[[ SOURCE DATA, beginning ]]
(* Let $\Omega=(-1,1)$, let $p,\nu\in\mathbb{N}_0$ with $\nu\le p$, and let $u\in H^{\nu+1}(\Omega)$. Let $q_{p,\nu}\in\Lambda_{p-\nu}^{p+\nu+1}$ be a polynomial with \[ q_{p,\nu}(1)=1,\quad q_{p,\nu}(-1)=0,\quad\text{and}\quad q_{p,\nu}^{(i)}(\pm1)=0\ \text{ for } i=1,\dots,\nu . \] Then \[ \bigl\lvert (u-\pi_p u)^{(\nu)}(\pm1)\bigr\rvert\le\|q_{p,\nu}\|_0\,\lvert u\rvert_{\nu+1}. \]
   Context: $L_j$ denotes the Legendre polynomial of degree $j$ on $(-1,1)$. For integers $i\le j$, $\Lambda_i^j:=\operatorname{span}\{L_i,L_{i+1},\dots,L_j\}$. $\|\cdot\|_0$ is the $L^2(\Omega)$ norm, and $\lvert u\rvert_k:=\|u^{(k)}\|_0$. $H^k(\Omega)$ is the usual Sobolev space. $\pi_p u$ is the $L^2(\Omega)$-orthogonal projection of $u$ onto the polynomials of degree $\le p$. *)

From HB Require Import structures.
From mathcomp Require Import all_boot all_order all_algebra.
From mathcomp Require Import all_classical all_reals all_analysis.
Set Implicit Arguments. Unset Strict Implicit. Unset Printing Implicit Defensive.
Import Order.TTheory GRing.Theory Num.Theory.
Import numFieldNormedType.Exports.
Local Open Scope classical_set_scope.
Local Open Scope ring_scope.

Section Defs.
Variable R : realType.
Local Notation mu := (@lebesgue_measure R).

(* Omega = (-1,1); integrals over Omega are taken over [-1,1]
   (the endpoints are Lebesgue-null). *)
Definition Omega : set R := `[-1, 1].

Definition legendre (n : nat) : {poly R} :=
  (2 ^+ n * n`!%:R)^-1 *: ((('X ^+ 2 - 1) ^+ n)^`(n)).

Definition in_Lambda (i j : nat) (q : {poly R}) : Prop :=
  exists c : nat -> R, q = \sum_(i <= k < j.+1) c k *: legendre k.

Definition L2norm (f : R -> R) : R :=
  Num.sqrt (\int[mu]_(x in Omega) (f x ^+ 2)).

Definition L2fun (f : R -> R) : Prop :=
  measurable_fun Omega f /\
  mu.-integrable Omega (fun x => (f x ^+ 2)%:E).

(* u = U 0 belongs to H^k(Omega), with U j the (continuous-up-to-the-boundary
   representative of the) j-th weak derivative of u, j < k, and U k the k-th
   weak derivative (an L^2 function).  One-dimensional characterization:
   U j is absolutely continuous on [-1,1] with derivative U j.+1, i.e.
   U j x - U j y = int_y^x U j.+1, and U k in L^2(Omega). *)
Definition sobolev_chain (k : nat) (U : nat -> R -> R) : Prop :=
  (forall j, (j <= k)%N -> mu.-integrable Omega (EFin \o U j)) /\
  (forall j, (j < k)%N -> forall x y : R, -1 <= y -> y <= x -> x <= 1 ->
      U j x - U j y = \int[mu]_(t in `[y, x]) U j.+1 t) /\
  L2fun (U k).

Definition is_L2proj (p : nat) (u : R -> R) (P : {poly R}) : Prop :=
  (size P <= p.+1)%N /\
  forall r : {poly R}, (size r <= p.+1)%N ->
    \int[mu]_(x in Omega) ((u x - P.[x]) * r.[x]) = 0.

End Defs.

From HB Require Import structures.
From mathcomp Require Import all_boot all_order all_algebra.
From mathcomp Require Import all_classical all_reals all_analysis.
From mathcomp Require Import measurable_realfun.
From mathcomp.algebra_tactics Require Import ring lra.
From mathcomp Require Import zify.
Import Order.TTheory GRing.Theory Num.Theory.
Import numFieldNormedType.Exports.
Local Open Scope classical_set_scope.
Local Open Scope ring_scope.

(** Put e_j := u^(j) - (pi_p u)^(j).  Integrating [int e_(nu+1) q] by parts
    nu+1 times, the boundary terms of order 1..nu vanish because
    q^(i)(+-1) = 0, and the volume term [int e_0 q^(nu+1)] vanishes because
    deg q^(nu+1) <= p and u - pi_p u is orthogonal to polynomials of degree
    <= p.  On the other hand [int (pi_p u)^(nu+1) q] = 0, since
    deg (pi_p u)^(nu+1) < p - nu and Lambda_(p-nu)^(p+nu+1) is orthogonal to
    such polynomials (Legendre orthogonality, obtained by integrating
    Rodrigues' formula by parts).  Hence
      e_nu(1) q(1) - e_nu(-1) q(-1) = int u^(nu+1) q,
    and Cauchy-Schwarz bounds the right-hand side.  The endpoint -1 is the
    same argument for q(-x), which lies in the same Lambda space because
    L_k(-x) = (-1)^k L_k(x).
    As u^(nu+1) is merely integrable, integration by parts against a
    polynomial is proved for continuous integrands and extended by density
    of continuous functions in L^1, its defect being L^1-Lipschitz. *)

Lemma size_derivn_leq {R : nzRingType} (s : {poly R}) k :
  (size s^`(k) <= size s - k)%N.
Proof.
by apply/leq_sizeP => j jk; rewrite coef_derivn nth_default ?mul0rn // -leq_subLR.
Qed.

Lemma derivn_exp_root {R : comNzRingType} (F : {poly R}) k j x :
  F.[x] = 0 -> (j < k)%N -> ((F ^+ k)^`(j)).[x] = 0.
Proof.
have factor i : (i <= k)%N -> exists s, (F ^+ k)^`(i) = F ^+ (k - i) * s.
  elim: i => [|i IH] ik; first by exists 1; rewrite subn0 mulr1.
  rewrite derivnS; have [s ->] := IH (ltnW ik).
  rewrite -(subnSK ik) derivM deriv_exp /=.
  by exists (F^`() * s *+ (k - i.+1).+1 + F * s^`()); rewrite exprS; ring.
move=> Fx jk; have [s ->] := factor j (ltnW jk).
by rewrite -(subnSK jk) hornerM horner_exp Fx expr0n mul0r.
Qed.

Lemma horner_compN {R : comNzRingType} (s : {poly R}) x :
  (s \Po - 'X).[x] = s.[- x].
Proof. by rewrite horner_comp hornerN hornerX. Qed.

Lemma derivn_compN {R : comNzRingType} (s : {poly R}) i :
  (s \Po - 'X)^`(i) = (-1) ^+ i *: (s^`(i) \Po - 'X).
Proof.
elim: i => [|i IH]; first by rewrite expr0 scale1r.
rewrite derivnS IH derivZ deriv_comp derivN derivX exprS.
by rewrite -derivnS mulrN1 mulN1r scaleNr scalerN.
Qed.
(* There is an absolute constant $c>0$ such that for every prime $p$ and every divisor $m$ of $p-1$ with $d=(p-1)/m\ge2$, we have $\vartheta(m,p)\ge c\,p^{1/\varphi(d)}$.
   Context: For a prime $p$ and a divisor $m$ of $p-1$, $\mathcal G_m\subseteq\mathbb F_p^*$ is the unique multiplicative subgroup of index $m$ (order $d=(p-1)/m$). For $\lambda\in\mathbb F_p^*$, $\rho(\lambda,p)=\min\{rs: r,s\text{ positive integers},\ r\equiv\lambda s\pmod p\}$, and $\vartheta(m,p)=\min_{\lambda\in\mathcal G_m,\ \lambda\ne1}\rho(\lambda,p)$. $\varphi$ is Euler's function. *)

From Stdlib Require Import Reals.
From mathcomp Require Import all_boot.

Set Implicit Arguments.
Unset Strict Implicit.
Unset Printing Implicit Defensive.

(* Elements of F_p^* are represented by naturals 1 <= l < p.
   G_m (index m, order d = (p-1)/m) = { l : l^d = 1 mod p }. *)
Definition in_Gm (m p l : nat) : bool :=
  (0 < l < p) && (l ^ ((p - 1) %/ m) == 1 %[mod p]).

Definition rho_pred (l p : nat) : pred nat := fun n =>
  [exists r : 'I_n.+1, exists s : 'I_n.+1,
     [&& 0 < (r : nat), 0 < (s : nat), r * s == n & r == l * s %[mod p]]].

Lemma rho_ex (l p : nat) : 0 < l -> exists n, rho_pred l p n.
Proof.
move=> hl; exists l; apply/existsP; exists (Ordinal (ltnSn l)).
apply/existsP; exists (@Ordinal l.+1 1 (hl : 1 < l.+1)) => /=.
rewrite hl /=. by rewrite !muln1 !eqxx.
Qed.

Definition rho (l p : nat) : nat :=
  match ltnP 0 l with
  | LtnNotGeq hl => ex_minn (rho_ex p hl)
  | GeqNotLtn _ => 0
  end.

(* theta(m,p) = min over l in G_m, l <> 1, of rho(l,p).  The default value
   p*p of the big min is never reached when d >= 2 (G_m has a non-identity
   element), since every rho(l,p) <= l < p. *)
Definition theta (m p : nat) : nat :=
  \big[minn/(p * p)]_(2 <= l < p | in_Gm m p l) rho l p.

From Stdlib Require Import Reals Lra.
From mathcomp Require Import all_boot all_order all_algebra all_field.
From mathcomp Require Import ring.

Set Implicit Arguments.
Unset Strict Implicit.
Unset Printing Implicit Defensive.

Import Order.TTheory GRing.Theory Num.Theory.

(* An element l <> 1 of G_m is a root of X^d - 1 = prod_(n | d) Phi_n, hence
   modulo p a root of some Phi_n with n <> 1, n | d.  If r = l s (mod p) and
   p does not divide s, the homogenized value s^phi(n) Phi_n(r/s) is an
   integer divisible by p.  It is nonzero, since Phi_n has no nonnegative real
   root, and bounded by (r + s)^phi(n) <= (2 r s)^phi(d), since it is a
   product of phi(n) factors r - z s with |z| = 1.  So p <= (2 r s)^phi(d),
   which also holds when p divides s, as then p divides r.  Hence
   theta(m, p) >= p^(1/phi(d)) / 2. *)

Lemma dvdn_leq_totient d n : 0 < n -> d %| n -> totient d <= totient n.
Proof.
move=> n_gt0 d_dvd_n; have d_gt0 := dvdn_gt0 n_gt0 d_dvd_n.
rewrite !totientE //.
have primes_d : perm_eq (primes d) [seq q <- primes n | q \in primes d].
  apply: uniq_perm; rewrite ?filter_uniq ?primes_uniq // => q.
  rewrite mem_filter andb_idr // mem_primes => /and3P[q_pr _ q_dvd_d].
  by rewrite mem_primes q_pr n_gt0 (dvdn_trans q_dvd_d).
rewrite (perm_big _ primes_d) /= big_filter big_mkcond /=.
rewrite big_seq [leqRHS]big_seq; apply: leq_prod => q.
rewrite mem_primes => /and3P[q_pr _ _]; have q_gt1 := prime_gt1 q_pr.
case: ifP => _; last by rewrite muln_gt0 expn_gt0 (ltnW q_gt1) -subn1 subn_gt0 q_gt1.
rewrite leq_mul2l leq_pexp2l ?orbT ?(ltnW q_gt1) // -!subn1 leq_sub2r //.
exact: dvdn_leq_log.
Qed.

Lemma card_coprime_ord n : #|[pred k : 'I_n | coprime k n]| = totient n.
Proof.
rewrite totient_count_coprime -big_mkcond big_mkord -sum1_card.
by apply: eq_bigl => k; rewrite coprime_sym.
Qed.

Section Cyclotomic.
Local Open Scope ring_scope.

Lemma Cyclotomic1 : 'Phi_1 = 'X - 1.
Proof. by have := prod_Cyclotomic (ltnSn 0); rewrite big_cons big_nil mulr1. Qed.

(* Division-free, so that it can be evaluated in int. *)
Definition homog_horner (R : nzRingType) (P : {poly int}) (e : nat) (x y : R) :=
  \sum_(i < e.+1) (P`_i)%:~R * x ^+ i * y ^+ (e - i).

Lemma rmorph_homog_horner (R S : nzRingType) (f : {rmorphism R -> S})
    (P : {poly int}) e x y :
  f (homog_horner P e x y) = homog_horner P e (f x) (f y).
Proof.
by rewrite rmorph_sum; apply: eq_bigr => i _; rewrite !rmorphM !rmorphXn rmorph_int.
Qed.

Lemma homog_hornerE (F : fieldType) (P : {poly int}) e (x y : F) :
  y != 0 -> (size P <= e.+1)%N ->
  homog_horner P e x y = y ^+ e * (map_poly intr P).[x / y].
Proof.
move=> y_neq0 size_P; rewrite (@horner_coef_wide _ e.+1); last first.
  by rewrite (leq_trans (size_poly _ _)).
rewrite mulr_sumr; apply: eq_bigr => i _; rewrite coef_map /=.
have le_ie : (i <= e)%N by rewrite -ltnS.
rewrite -[in y ^+ e](subnK le_ie) exprD expr_div_n.
by field; rewrite expf_neq0.
Qed.

Lemma Cyclotomic_horner_neq0 n (t : algC) :
  n != 1%N -> 0 <= t -> (map_poly intr 'Phi_n).[t] != 0.
Proof.
move=> n_neq1 t_ge0; have [-> | n_gt0] := posnP n.
  by rewrite Cyclotomic0 rmorph1 hornerC oner_eq0.
have [z prim_z] := C_prim_root_exists n_gt0.
rewrite (Cintr_Cyclotomic prim_z); apply: contra n_neq1 => root_t.
have prim_t : n.-primitive_root t by rewrite -(root_cyclotomic prim_z).
have t_eq1 : t = 1.
  by apply/eqP; rewrite -(pexpr_eq1 n_gt0) // prim_expr_order.
by rewrite -dvdn1 (prim_order_dvd prim_t) t_eq1 expr1n.
Qed.

Lemma norm_Cyclotomic_horner_le n (t : algC) :
  0 <= t -> `|(map_poly intr 'Phi_n).[t]| <= (t + 1) ^+ totient n.
Proof.
move=> t_ge0; have [-> | n_gt0] := posnP n.
  by rewrite Cyclotomic0 rmorph1 hornerC normr1.
have [z prim_z] := C_prim_root_exists n_gt0.
have z_norm1 : `|z| = 1.
  by apply/eqP; rewrite -(pexpr_eq1 n_gt0) // -normrX prim_expr_order ?normr1.
rewrite (Cintr_Cyclotomic prim_z) horner_prod normr_prod.
rewrite -card_coprime_ord -prodr_const; apply: ler_prod => k _.
rewrite normr_ge0 hornerXsubC (le_trans (ler_normB _ _)) //.
by rewrite normrX z_norm1 expr1n ger0_norm.
Qed.

Lemma homog_Cyclotomic_neq0 n (x y : algC) :
  n != 1%N -> 0 <= x -> 0 < y -> homog_horner 'Phi_n (totient n) x y != 0.
Proof.
move=> n_neq1 x_ge0 y_gt0; have y_neq0 := lt0r_neq0 y_gt0.
rewrite homog_hornerE ?size_Cyclotomic // mulf_neq0 ?expf_neq0 //.
exact: Cyclotomic_horner_neq0 (divr_ge0 x_ge0 (ltW y_gt0)).
Qed.

Lemma norm_homog_Cyclotomic_le n (x y : algC) :
  0 <= x -> 0 < y ->
  `|homog_horner 'Phi_n (totient n) x y| <= (x + y) ^+ totient n.
Proof.
move=> x_ge0 y_gt0; have y_neq0 := lt0r_neq0 y_gt0.
rewrite homog_hornerE ?size_Cyclotomic // normrM normrX gtr0_norm //.
have -> : x + y = y * (x / y + 1) by field.
rewrite exprMn ler_pM2l ?exprn_gt0 //.
exact: norm_Cyclotomic_horner_le (divr_ge0 x_ge0 (ltW y_gt0)).
Qed.

Lemma prime_leq_homog_Cyclotomic p n r s :
  prime p -> n != 1%N -> ~~ (p %| s)%N ->
  root (map_poly intr 'Phi_n : {poly 'F_p}) (r%:R / s%:R) ->
  (p <= (r + s) ^ totient n)%N.
Proof.
move=> p_pr n_neq1 p_ndvd_s root_rs.
have s_gt0 : (0 < s)%N by rewrite lt0n; apply: contraNneq p_ndvd_s => ->.
have s_pos : 0 < s%:R :> algC by rewrite ltr0n.
pose N : int := homog_horner 'Phi_n (totient n) r%:R s%:R.
have N_C : N%:~R = homog_horner 'Phi_n (totient n) (r%:R : algC) s%:R.
  by rewrite rmorph_homog_horner !rmorph_nat.
have N_Fp : N%:~R = 0 :> 'F_p.
  have s_neq0 : s%:R != 0 :> 'F_p by rewrite -(dvdn_pcharf (pchar_Fp p_pr)).
  rewrite rmorph_homog_horner !rmorph_nat homog_hornerE ?size_Cyclotomic //.
  by rewrite (rootP root_rs) mulr0.
have N_neq0 : N != 0.
  apply/eqP => N_eq0.
  have := homog_Cyclotomic_neq0 n_neq1 (ler0n _ r) s_pos.
  by rewrite -N_C N_eq0 rmorph0 eqxx.
have p_dvd_N : (p %| `|N|)%N.
  by have := dvdz_pcharf (pchar_Fp p_pr) N; rewrite N_Fp eqxx dvdzE.
have N_le : (`|N| <= (r + s) ^ totient n)%N.
  rewrite -lez_nat abszE -(ler_int algC) intr_norm N_C.
  rewrite -[X in _ <= X]pmulrn natrX natrD.
  exact: norm_homog_Cyclotomic_le (ler0n _ r) s_pos.
by apply: leq_trans (dvdn_leq _ p_dvd_N) N_le; rewrite absz_gt0.
Qed.

Lemma unity_root_Cyclotomic (R : idomainType) d (x : R) :
  (0 < d)%N -> x ^+ d = 1 -> x != 1 ->
  exists2 n, (n %| d)%N & (n != 1%N) && root (map_poly intr 'Phi_n) x.
Proof.
move=> d_gt0 xd_eq1 x_neq1.
have : root (map_poly intr ('X^d - 1)) x.
  by rewrite rmorphB /= map_polyXn rmorph1 rootE !hornerE xd_eq1 subrr.
rewrite -(prod_Cyclotomic d_gt0) rmorph_prod /root horner_prod prodf_seq_eq0.
case/hasP => n; rewrite -dvdn_divisors // => n_dvd_d /= root_n.
exists n; rewrite // root_n andbT; apply: contraNneq x_neq1 => n_eq1.
move: root_n; rewrite n_eq1 Cyclotomic1 rmorphB /= map_polyX rmorph1.
by rewrite !hornerE subr_eq0.
Qed.

Lemma prime_leq_witness_bound p d l r s :
  prime p -> (0 < d)%N -> (1 < l < p)%N -> l ^ d = 1 %[mod p] ->
  (0 < r)%N -> (0 < s)%N -> r = l * s %[mod p] ->
  (p <= (2 * (r * s)) ^ totient d)%N.
Proof.
move=> p_pr d_gt0 /andP[l_gt1 l_lt_p] ld_eq1 r_gt0 s_gt0 rs_mod.
have phi_gt0 : (0 < totient d)%N by rewrite totient_gt0.
have rs_pos : (0 < 2 * (r * s))%N by rewrite !muln_gt0 r_gt0 s_gt0.
have [p_dvd_s | p_ndvd_s] := boolP (p %| s)%N.
  have p_dvd_r : (p %| r)%N by rewrite /dvdn rs_mod -/(dvdn p (l * s)) dvdn_mull.
  apply: leq_trans (dvdn_leq r_gt0 p_dvd_r) _.
  apply: leq_trans (leq_pexp2l rs_pos phi_gt0); rewrite expn1.
  by rewrite (leq_trans (leq_pmulr r s_gt0)) // leq_pmull.
have Fp_natr_eq0 k : (k%:R == 0 :> 'F_p) = (p %| k)%N.
  by rewrite (dvdn_pcharf (pchar_Fp p_pr)).
have [n n_dvd_d /andP[n_neq1 root_l]] :
    exists2 n, (n %| d)%N & (n != 1%N) && root (map_poly intr 'Phi_n) (l%:R : 'F_p).
  apply: unity_root_Cyclotomic d_gt0 _ _.
    by rewrite -natrX -Fp_nat_mod // ld_eq1 Fp_nat_mod.
  have : (l - 1)%:R != 0 :> 'F_p.
    by rewrite Fp_natr_eq0 gtnNdvd ?subn_gt0 // (leq_ltn_trans (leq_subr 1 l)).
  by rewrite natrB ?(ltnW l_gt1) // subr_eq0.
have rs_eq_l : r%:R / s%:R = l%:R :> 'F_p.
  have s_neq0 : s%:R != 0 :> 'F_p by rewrite Fp_natr_eq0.
  by rewrite -(Fp_nat_mod p_pr r) rs_mod Fp_nat_mod // natrM mulfK.
apply: leq_trans (prime_leq_homog_Cyclotomic (r := r) p_pr n_neq1 p_ndvd_s _) _.
  by rewrite rs_eq_l.
have rs_le : (r + s <= 2 * (r * s))%N.
  by rewrite mul2n -addnn leq_add ?leq_pmulr ?leq_pmull.
apply: leq_trans (leq_pexp2l _ (dvdn_leq_totient d_gt0 n_dvd_d)) _.
  by rewrite addn_gt0 r_gt0.
by rewrite leq_exp2r.
Qed.

End Cyclotomic.

Lemma rho_witness l p : 0 < l ->
  exists r s, [/\ 0 < r, 0 < s, r * s = rho l p & r = l * s %[mod p]].
Proof.
move=> l_gt0; rewrite /rho.
case: ltnP => [l_pos | l_le0]; last by rewrite leqNgt l_gt0 in l_le0.
case: ex_minnP => n /existsP[r /existsP[s /and4P[r_gt0 s_gt0 /eqP rs_n /eqP rs_mod]]] _.
by exists r, s.
Qed.

Lemma prime_leq_rho_bound p m l :
  prime p -> 0 < (p - 1) %/ m -> 1 < l -> in_Gm m p l ->
  p <= (2 * rho l p) ^ totient ((p - 1) %/ m).
Proof.
move=> p_pr d_gt0 l_gt1 /andP[/andP[_ l_lt_p] /eqP ld_eq1].
have [r [s [r_gt0 s_gt0 <- rs_mod]]] := rho_witness p (ltnW l_gt1).
by apply: (prime_leq_witness_bound (l := l)); rewrite ?l_gt1.
Qed.

Lemma prime_leq_theta_bound p m :
  prime p -> 0 < (p - 1) %/ m -> p <= (2 * theta m p) ^ totient ((p - 1) %/ m).
Proof.
move=> p_pr d_gt0; have phi_gt0 : 0 < totient ((p - 1) %/ m) by rewrite totient_gt0.
rewrite /theta big_seq_cond.
apply: (big_ind (fun n => p <= (2 * n) ^ totient ((p - 1) %/ m))).
- have p_gt0 := prime_gt0 p_pr.
  apply: leq_trans (leq_pexp2l _ phi_gt0); rewrite ?expn1 ?muln_gt0 ?p_gt0 //.
  by rewrite (leq_trans (leq_pmulr p p_gt0)) // leq_pmull.
- by move=> x y; rewrite /minn; case: ifP.
- move=> l /andP[]; rewrite mem_index_iota => /andP[l_gt1 _].
  exact: prime_leq_rho_bound.
Qed.

Lemma INR_expn n k : INR (n ^ k) = pow (INR n) k.
Proof. by elim: k => [|k IHk] //=; rewrite expnS mult_INR IHk. Qed.

Lemma Rpower_inv_le p k n :
  0 < p -> 0 < k -> p <= n ^ k -> Rle (Rpower (INR p) (Rinv (INR k))) (INR n).
Proof.
move=> p_gt0 k_gt0 p_le.
have n_gt0 : 0 < n.
  by rewrite lt0n; apply: contraTneq p_le => ->; rewrite exp0n // -ltnNge.
have [p_pos n_pos k_pos] : [/\ Rlt 0 (INR p), Rlt 0 (INR n) & Rlt 0 (INR k)].
  by split; apply/lt_0_INR/ssrnat.ltP.
have -> : INR n = Rpower (INR (n ^ k)) (Rinv (INR k)).
  rewrite INR_expn -Rpower_pow // Rpower_mult Rinv_r ?Rpower_1 //; lra.
apply: Rle_Rpower_l; first by left; apply: Rinv_0_lt_compat.
by split=> //; apply/le_INR/ssrnat.leP.
Qed.

Theorem lemma4p1 :
  exists c : R, Rlt 0 c /\
    forall p m : nat, prime p -> m %| p - 1 -> 2 <= (p - 1) %/ m ->
      Rle (Rmult c (Rpower (INR p) (Rinv (INR (totient ((p - 1) %/ m)))))) (INR (theta m p)).
Proof.
exists (Rinv 2); split; first lra.
move=> p m p_pr _ d_ge2; have d_gt0 := ltnW d_ge2.
have := Rpower_inv_le (prime_gt0 p_pr) _ (prime_leq_theta_bound p_pr d_gt0).
rewrite totient_gt0 mult_INR /= => /(_ d_gt0); lra.
Qed.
[[ SOURCE DATA, end ]]
**WHAT TO DO:** Search the records above for the word "boundary", then say how many lines contain it. Give the number alone.

**EXERCISE RESULT:** 2